Classification algorithmsLinear Classification Logistic Regression Linear Discriminant Analysis PLS Discriminant Analysis

Non-Linear Classification Mixture Discriminant Analysis Quadratic Discriminant Analysis Regularized Discriminant Analysis Neural Networks Flexible Discriminant Analysis Support Vector Machines k-Nearest Neighbor Naive Bayes

Decission Trees for Classification Classification and Regression Trees C4.5 PART Bagging CART Random Forest Gradient Booster Machines Boosted 5.0

Regression algorithmsLinear Regiression Ordinary Least Squares Regression Stepwise Linear Regression Prinicpal Component Regression Partial Least Squares Regression

Non-Linear Regression / Penalized Regression Ridge Regression Least Absolute Shrinkage ElasticNet Multivariate Adaptive Regression Support Vector Machines k-Nearest Neighbor Neural Network

Decission Trees for Regression Classification and Regression Trees Conditional Decision Tree Rule System Bagging CART Random Forest Gradient Boosted Machine Cubist

Algorithm is only element in the ML chain

Everything may be important for ML

Testing

Test datasets

60% 20% 20%

Andrew NG rule of ML

Does it do well onthe training data?

Does it do well onthe test data?

Better features /Better parameters

More data

by Andrew Ng

Calculate, measure, apply later

The code

import org.apache.spark.mllib.classification.{SVMModel, SVMWithSGD} import org.apache.spark.mllib.evaluation.BinaryClassificationMetrics import org.apache.spark.mllib.util.MLUtils

// Load training data in LIBSVM format. val data = MLUtils.loadLibSVMFile(sc, "data/mllib/sample_libsvm_data.txt")

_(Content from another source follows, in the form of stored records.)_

Lemma ellis_comp xi xi' : ellis tT act xi -> ellis tT act xi' ->
  ellis tT act (fun x => xi' (xi x)).
Proof.
  intros H1 H2 l Hl.
  destruct (H2 (map (fun p => (xi (fst p), snd p)) l)) as [h Hh].
  { intros p Hp. apply in_map_iff in Hp. destruct Hp as [q [<- Hq]]. simpl. apply Hl; auto. }
  destruct (H1 (map (fun p => (fst p, fun s => snd p (act h s))) l)) as [g Hg].
  { intros p Hp. apply in_map_iff in Hp. destruct Hp as [q [<- Hq]]. simpl. split.
    - apply open_pre. apply Hl; auto.
    - specialize (Hh (xi (fst q), snd q)). simpl in Hh. apply Hh.
      apply in_map_iff; exists q; auto. }
  exists (mul h g). intros p Hp. rewrite act_mul.
  specialize (Hg (fst p, fun s => snd p (act h s))). apply Hg.
  apply in_map_iff; exists p; auto.
Qed.

Definition entT : (T * T -> Prop) -> Prop := entourage tT.

Lemma finite_codes (ds : list (T -> Prop)) (Hds : forall x, exists D, In D ds /\ D x) :
  forall ts (P : G -> Prop), exists gs, (forall g', In g' gs -> P g') /\
    forall g, P g -> exists g', In g' gs /\
      forall ti, In ti ts -> exists D, In D ds /\ D (act g ti) /\ D (act g' ti).
Proof.
  induction ts as [|t0 ts IH]; intros P.
  - destruct (classic (exists g, P g)) as [[g Pg]|nP].
    + exists [g]; split; [intros g' [<-|[]]; auto|]. intros g1 _. exists g; split; simpl; auto.
      intros _ [].
    + exists []; split; [intros _ []|]. intros g Pg; exfalso; eauto.
  - assert (Hsub : forall ds', exists gs, (forall g', In g' gs -> P g') /\
      forall D, In D ds' -> forall g, P g -> D (act g t0) -> exists g', In g' gs /\
        D (act g' t0) /\ forall ti, In ti ts ->
          exists D', In D' ds /\ D' (act g ti) /\ D' (act g' ti)).
    { induction ds' as [|D ds' IH2].
      - exists []; split; [intros _ []|intros _ []].
      - destruct IH2 as [gs2 [Hg2 Hc2]].
        destruct (IH (fun g => P g /\ D (act g t0))) as [gs1 [Hg1 Hc1]].
        exists (gs1 ++ gs2); split.
        + intros g' Hg'. apply in_app_or in Hg'. destruct Hg' as [Hg'|Hg']; [apply Hg1; auto|auto].
        + intros D' [<-|HD'] g Pg Dg.
          * destruct (Hc1 g (conj Pg Dg)) as [g' [Hg' Hm]].
            exists g'; split; [apply in_or_app; auto|]. split; [apply Hg1; auto|auto].
          * destruct (Hc2 D' HD' g Pg Dg) as [g' [Hg' Hm]].
            exists g'; split; [apply in_or_app; auto|auto]. }
    destruct (Hsub ds) as [gs [Hg Hc]]. exists gs; split; auto.
    intros g Pg. destruct (Hds (act g t0)) as [D [HD Dg]].
    destruct (Hc D HD g Pg Dg) as [g' [Hg' [Dg' Hm]]]. exists g'; split; auto.
    intros ti [<-|Hti]; eauto.
Qed.

Lemma translations_totally_bounded V : entT V -> exists gs : list G,
  forall g, exists g', In g' gs /\ forall s, V (act g s, act g' s).
Proof.
  intros HV. destruct (ent_third T tT T_topology T_compact T_hausdorff V HV) as [V' [HV' [Hs C]]].
  destruct (Heq V' HV') as [U' [HU' HU'e]].
  destruct (ent_finite_net T tT T_topology T_compact U' HU') as [ts Hts].
  destruct (ent_small_cover T tT T_topology T_compact V' HV') as [ds [Hds1 Hds2]].
  destruct (finite_codes ds Hds1 ts (fun _ => True)) as [gs [_ Hgs]].
  exists gs. intros g. destruct (Hgs g I) as [g' [Hg' Hm]]. exists g'; split; auto.
  intros s. destruct (Hts s) as [ti [Hti Hu]].
  destruct (Hm ti Hti) as [D [HD [D1 D2]]].
  apply (C _ (act g ti) (act g' ti) _).
  - apply Hs. apply HU'e; auto.
  - apply (Hds2 D HD); auto.
  - apply HU'e; auto.
Qed.

Lemma translations_near_identity V : entT V -> exists gs : list G,
  forall g, exists gj, In gj gs /\ exists n, (forall s, V (s, act n s)) /\ g = mul gj n.
Proof.
  intros HV. destruct (ent_sym T tT T_topology V HV) as [V' [HV' [HV'V Hs]]].
  destruct (Heq V' HV') as [Ue [HUe HUe']].
  destruct (translations_totally_bounded Ue HUe) as [gs Hgs].
  exists gs. intros g. destruct (Hgs g) as [gj [Hgj Hc]]. exists gj; split; auto.
  exists (mul (inv gj) g); split; [|rewrite mul_inv_cancel; auto].
  intros s. apply HV'V, Hs. rewrite act_mul. rewrite <- (act_inv gj s) at 2.
  apply HUe'. auto.
Qed.

Lemma near_identity_orbit_closure U a : entT U -> exists A, tT A /\ A a /\
  forall x, A x -> forall N, tT N -> N x ->
    exists g, N (act g a) /\ forall s, U (s, act g s).
Proof.
  intros HU. destruct (ent_half T tT T_topology T_compact T_hausdorff U HU) as [V [HV [Hs CV]]].
  destruct (translations_near_identity V HV) as [gs Hdec].
  set (S := fun gj y => exists n, (forall s, V (s, act n s)) /\ y = act gj (act n a)).
  destruct (dense_finite_union T tT T_topology (map S gs) a) as [S0 [HS0 [O [tO [[x0 Ox0] HO]]]]].
  { intros x N tN Nx. destruct (Hmin a x N tN Nx) as [y [Ny [g ->]]].
    destruct (Hdec g) as [gj [Hgj [n [Hn ->]]]].
    exists (act (mul gj n) a); split; auto. exists (S gj); split; [apply in_map; auto|].
    exists n; split; auto. apply act_mul. }
  apply in_map_iff in HS0. destruct HS0 as [gj [<- _]].
  destruct (HO x0 Ox0 O tO Ox0) as [y0 [Oy0 [n0 [Hn0 ->]]]].
  exists (fun y => O (act gj (act n0 y))).
  split; [apply (open_pre n0 (fun z => O (act gj z))), open_pre; auto|]. split; auto.
  intros x Ax N tN Nx.
  destruct (HO _ Ax (fun y => N (act (inv n0) (act (inv gj) y)))) as [y [Ny [n [Hn ->]]]].
  - apply (open_pre (inv gj) (fun z => N (act (inv n0) z))), open_pre; auto.
  - rewrite act_inv, act_inv; auto.
  - exists (mul (inv n0) n). rewrite act_mul. rewrite act_inv in Ny. split; auto.
    intros s. rewrite act_mul. apply (CV s (act n s)); auto.
    apply Hs. pose proof (Hn0 (act (inv n0) (act n s))) as Hq. rewrite act_inv' in Hq. exact Hq.
Qed.

Section Semicocycle.
Variables (K : Type) (tK : topology K) (theta0 : T) (f : T -> K).
Hypothesis HtK : is_topology tK.
Hypothesis HcK : compact tK.
Hypothesis HhK : hausdorff tK.
Hypothesis Hsc : semicocycle tT tK act theta0 f.

Definition F (x : T) (k : K) : Prop := Fgraph tT tK act theta0 f (x, k).

Definition sim_rel : T -> T -> Prop := sim tT tK act theta0 f.
Definition saturated (S : T -> Prop) : Prop := forall z w, S z -> sim_rel z w -> S w.
Lemma card_sumfs_ge (R : realDomainType) (n : nat) (I J : {fset R}) :
  #|` I| = n.+1 -> J != fset0 -> (#|` J| + n <= #|` sumfs I J|)%N.
Proof.
elim: n I => [|n IH] I cI J0.
  move/eqP: cI => /cardfs1P [i ->].
  rewrite addn0 (_ : sumfs _ J = [fset (i + j)%R | j in J]).
    by rewrite card_in_imfset // => x y _ _ /addrI.
  apply/fsetP => z; apply/imfset2P/imfsetP => [[x /fset1P -> [j jJ ->]]|[j jJ ->]].
    by exists j.
  by exists i; rewrite ?inE //; exists j.
have [m mI Hm] : exists2 m, m \in I & forall x, x \in I -> x <= m.
  by apply: exists_seq_max; apply/eqP => eI; move: cI; rewrite eI.
have [mj mjJ Hmj] : exists2 m, m \in J & forall x, x \in J -> x <= m.
  apply: exists_seq_max; apply: contraNneq J0 => eJ.
  by apply/eqP/fsetP => x; rewrite inE -[x \in J]/(x \in (J : seq R)) eJ.
have cIm : #|` I `\ m| = n.+1 by move: cI; rewrite (cardfsD1 m I) mI add1n => -[].
(* The largest sum [m + mj] is not a sum from [I `\ m]. *)
have sub : sumfs (I `\ m) J `<=` sumfs I J `\ (m + mj)%R.
  apply/fsubsetP => z /imfset2P [i + [j jJ ->]]; rewrite !inE => /andP[im iI].
  apply/andP; split; last by apply/imfset2P; exists i => //; exists j.
  by rewrite lt_eqF // ltr_leD ?Hmj // lt_neqAle im Hm.
have := fsubset_leq_card sub; rewrite (cardfsD1 (m + mj)%R (sumfs I J)).
have -> : (m + mj)%R \in sumfs I J by apply/imfset2P; exists m => //; exists mj.
by rewrite add1n addnS ltnS => /(leq_trans (IH _ cIm J0)).
Qed.
From HB Require Import structures.
From mathcomp Require Import all_boot all_order all_algebra.
From mathcomp Require Import all_classical all_reals all_analysis.
From mathcomp Require Import ring lra zify.
Import Order.TTheory GRing.Theory Num.Theory numFieldNormedType.Exports.

Set Implicit Arguments. Unset Strict Implicit. Unset Printing Implicit Defensive.
Local Open Scope classical_set_scope.
Local Open Scope ring_scope.

(* Flattening a k-out map row by row identifies M^alpha with the Polya urn word
   of length m = kn over n colours (each letter is drawn with weight alpha plus
   its number of earlier occurrences) and M^infty with a uniform word.
   Comparing the products defining both laws, log (n^-m / P_alpha(t)) <= Y(t)
   := C(m,2)/(alpha n) - A1(t)/alpha + A2(t)/alpha^2, where A1 counts pairs of
   equal letters and A2 sums the squares of the earlier counts.  Summing
   |p - q| <= e (p + q) + (p - q + q Y)/(2e), valid whenever p >= q exp(-Y), gives
   sum |p - q| <= 2e + E_unif[Y]/(2e).  Under the uniform law E[A1] = C(m,2)/n
   cancels the first term of Y and E[A2] <= (n m^2 + m^3)/n^2, so that
   d_TV <= e + (k^2 + k^3) n / (4 e alpha^2), which is small once alpha/sqrt n
   is large. *)

Section RealInequalities.
Variable R : realType.
Implicit Types p q e x Y : R.

Lemma normB_le_sqrtB p q e : 0 <= p -> 0 <= q -> 0 < e ->
  `|p - q| <= e * (p + q) + (Num.sqrt p - Num.sqrt q) ^+ 2 / (2 * e).
Proof.
move=> p0 q0 e0.
set a := Num.sqrt p; set b := Num.sqrt q.
have a0 : 0 <= a by exact: sqrtr_ge0.
have b0 : 0 <= b by exact: sqrtr_ge0.
have ha : a ^+ 2 = p by rewrite sqr_sqrtr.
have hb : b ^+ 2 = q by rewrite sqr_sqrtr.
have -> : p - q = (a - b) * (a + b) by rewrite -ha -hb; ring.
rewrite normrM (ger0_norm (addr_ge0 a0 b0)) -(ler_pM2l (_ : 0 < 2 * e)); last lra.
have -> : 2 * e * (e * (p + q) + (a - b) ^+ 2 / (2 * e)) =
    2 * e ^+ 2 * (a ^+ 2 + b ^+ 2) + (a - b) ^+ 2.
  by rewrite -ha -hb; field; lra.
(* AM-GM: 2 e |a - b| (a + b) <= e^2 (a + b)^2 + (a - b)^2
   <= 2 e^2 (a^2 + b^2) + (a - b)^2. *)
have hd : `|a - b| ^+ 2 = (a - b) ^+ 2 by rewrite real_normK // num_real.
have := sqr_ge0 (e * (a + b) - `|a - b|).
have := sqr_ge0 (a - b).
nra.
Qed.
(* Let $c>0$ be an integer and $\mu,\nu\in\mathbb R$, and let $D=D^{\mu,\nu}_c$ be the quantum Heisenberg manifold. For every $n\in\mathbb Z$ there exist $\xi_1^n,\xi_2^n\in D^{(n)}$ such that $$(\xi_1^n)^*\xi_1^n+(\xi_2^n)^*\xi_2^n=1,\qquad \xi_1^n(\xi_1^n)^*+\xi_2^n(\xi_2^n)^*=1.$$ Furthermore, $\xi_1^n$ and $\xi_2^n$ can be chosen to be smooth functions.
   Context: Write $e(x)=e^{2\pi ix}$. Let $D_0$ be the space of functions $F:\mathbb R\times S^1\times\mathbb Z\to\mathbb C$, $(x,y,p)\mapsto F(x,y,p)$, such that $p\mapsto F(\cdot,\cdot,p)$ is finitely supported with values in bounded continuous functions on $\mathbb R\times S^1$, and $F(x+1,y,p)=e(-cp(y-p\nu))F(x,y,p)$. It is a $*$-algebra with product $(F_1\cdot F_2)(x,y,p)=\sum_{q\in\mathbb Z}F_1(x,y,q)F_2(x-2q\mu,y-2q\nu,p-q)$ and involution $F^*(x,y,p)=\overline{F(x-2p\mu,y-2p\nu,-p)}$. The quantum Heisenberg manifold $D^{\mu,\nu}_c$ (Rieffel) is the C*-completion of $D_0$. For $n\in\mathbb Z$, $D^{(n)}$ denotes the set of elements of the form $F(x,y,p)=\delta_{n,p}f(x,y)$ with $f$ continuous on $\mathbb R\times S^1$ and $f(x+1,y)=e(-cn(y-n\nu))f(x,y)$ (the $n$-th spectral subspace of the gauge action); the unit $1$ is the function $\delta_{0,p}$. *)

From Stdlib Require Import Reals ZArith List ClassicalEpsilon.
From Coquelicot Require Import Coquelicot.
Open Scope R_scope.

// Split data into training (60%) and test (40%). val splits = data.randomSplit(Array(0.6, 0.4), seed = 11L) val training = splits(0).cache() val test = splits(1)

// Run training algorithm to build the model val numIterations = 100 val model = SVMWithSGD.train(training, numIterations)

// Clear the default threshold. model.clearThreshold()

// Compute raw scores on the test set. val scoreAndLabels = test.map { point => val score = model.predict(point.features) (score, point.label) }

// Get evaluation metrics. val metrics = new BinaryClassificationMetrics(scoreAndLabels) val auROC = metrics.areaUnderROC()

println("Area under ROC = " + auROC)

// Save and load model model.save(sc, "myModelPath") val sameModel = SVMModel.load(sc, "myModelPath")

Art of asking right questions related to right data

@SrcMinistry

Thanks!

@MariuszGil

Holistic approach to machine learning

Software

Transcript of Holistic approach to machine learning

A Holistic Machine Learning-Based Autoscaling Approach for ...

A HOLISTIC APPROACH TO LOCAL ECONOMIC DEVELOPMENT … · a holistic approach to local economic development ... dai inc., belgrade the holistic approach to local economic development

Puppet modules: An Holistic Approach

Holistic Approach to Health

CSR in Building: a Holistic Approach

The Holistic Marketing Approach

Principal 4 Enabling A Holistic Approach

THE HOLISTIC APPROACH TO KNOWING YOUR · 10 THE HOLISTIC APPROACH TO KNOWING YOUR CUSTOMER COMMON BARRIERS TO EFFECTIVE KYC THE WRONG BLEND OF HUMAN AND MACHINE Finding the right

Holistic Approach to Admission.

Flavobacterium psychrophilum A Holistic … psychrophilum A Holistic Management Approach A Holistic Management Approach Presented by: Sherry Mead Freshwater Fisheries Society of BC

Holistic approach to eMarketing

The holistic approach of project management - …neerlandsdiep.nl/wp-content/uploads/2016/10/... · What is a holistic approach of ... common meaning of the holistic approach by making

Holistic Approach To Monitoring

Holistic Approach in Education: Some Considerations

The holistic approach - Atlas Copco · 2020. 9. 13. · The holistic approach With the Atlas Copco holistic approach to sustainable productivity, we provide tools tat are efficient

Holistic Approach to Homelessness

Vitality! The Holistic Approach

TÂM LÝ HOLISTIC APPROACH

A Holistic Approach To Stress

Holistic Career Development- An Aboriginal Approach.